L’AME permet la prise en charge médicale de ces populations plus souvent exposées à des risques de santé en raison de leurs conditions de vie (hébergement précaire, insalubrité du logement, vie à la rue, ressources insuffisante) L’AME œuvre à la protection de la santé individuelle et publique, comme le souligne parmi tant d’autres le Défenseur des droits dans son rapport de mai 2016 sur « les droits fondamentaux des étrangers en France » et surtout son rapport de mai 2019 sur les « personnes malades étrangères ».
L’USP dénonce donc cette agression de plus contre l’intégrité corporelle et psychique du migrant exilé et des sans-papiers, qui est une nouvelle attaque sur la politique actuelle de non-accueil des migrants. L’USP refuse ce projet de remise en cause de l’AME et défend sa prise en compte dans un accueil inconditionnel.
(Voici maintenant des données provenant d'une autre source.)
Lemma filter_enum_ord_geq_nil (n m : nat) :
  (n <= m)%N -> [seq i <- enum 'I_n | (m <= nat_of_ord i)%N] = [::].
Proof.
move=> le_nm; apply: (inj_map val_inj); rewrite filter_enum_ord_geq.
by move: le_nm; rewrite -subn_eq0 => /eqP ->.
Qed.

Lemma downward_ind (n : nat) (Q : nat -> Prop) :
  (forall h, (n <= h)%N -> Q h) -> (forall k : 'I_n, Q k.+1 -> Q k) ->
  forall h, Q h.
Proof.
move=> Qend Qstep h; move: {2}(n - h)%N (leqnn (n - h)) => d.
elim: d h => [|d IHd] h le_d.
  by apply: Qend; rewrite -subn_eq0 -leqn0.
have [le_nh | lt_hn] := leqP n h; first exact: Qend.
apply: (Qstep (Ordinal lt_hn)); apply: IHd.
by rewrite subnS -ltnS prednK ?subn_gt0.
Qed.

Definition depends_from (X : finType) (n : nat) (T : Type)
    (F : {ffun 'I_n -> X} -> T) (m : nat) : Prop :=
  forall c c' : {ffun 'I_n -> X},
    (forall j : 'I_n, (m <= j)%N -> c j = c' j) -> F c = F c'.

Section BackwardChoice.
Variables (R : realFieldType) (X : finType) (n : nat).
Implicit Types (c : {ffun 'I_n -> X}) (W : 'I_n -> {ffun 'I_n -> X} -> R).

Definition fupd c (k : 'I_n) (x : X) : {ffun 'I_n -> X} :=
  [ffun j => if j == k then x else c j].

Lemma fupd_same c k x : fupd c k x k = x.
Proof. by rewrite ffunE eqxx. Qed.

Lemma fupd_gt c (k j : 'I_n) x : (k < j)%N -> fupd c k x j = c j.
Proof.
by move=> lt_kj; rewrite ffunE; case: eqP => // eq_jk; rewrite eq_jk ltnn in lt_kj.
Qed.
Elle soutient en conséquence, le Manifeste national des associations et des collectifs citoyens du 27 juin 2019, En finir avec les situations inhumaines d’errance et de campements en France, qui demande au gouvernement le respect de la loi et des droits fondamentaux de toutes et tous, dont font partie les plus vulnérables :
– Une protection et un hébergement d’urgence, immédiats et inconditionnels des personnes en errance dans différentes villes de France, leur permettant d’accéder à leurs droits fondamentaux.
– Un accès rapide aux procédures de demande d’asile, dans le respect des délais définis par les textes, y compris pour les personnes sous procédure Dublin, ainsi qu’aux conditions matérielles d’accueil ad hoc.
– L’accès aux conditions matérielles d’accueil (hébergement, allocation pour demandeur d’asile-ADA, accompagnement dans les procédures et l’accès aux droits) tel que prévu par les textes européens pour tous les demandeurs d’asile, la création de 40 000 places d’hébergement et l’abandon des orientations directives des demandeurs d’asile vers les régions sans garantie d’hébergement qui auront très bientôt pour conséquence la création de nouveaux campements.
– L’assurance d’une continuité de l’hébergement pour toutes les personnes sans domicile fixe, quelles que soient leurs situations administratives, qu’il s’agisse de structures dédiées aux demandeurs d’asile ou de structures d’hébergement généraliste.
– La garantie de conditions d’hygiène dignes (sanitaires, urinoirs, accès à l’eau, gestion des déchets), arrêt des confiscations de matériels tant que les campements perdureront.
– la protection des personnes vulnérables face aux réseaux de passeurs et de trafiquants.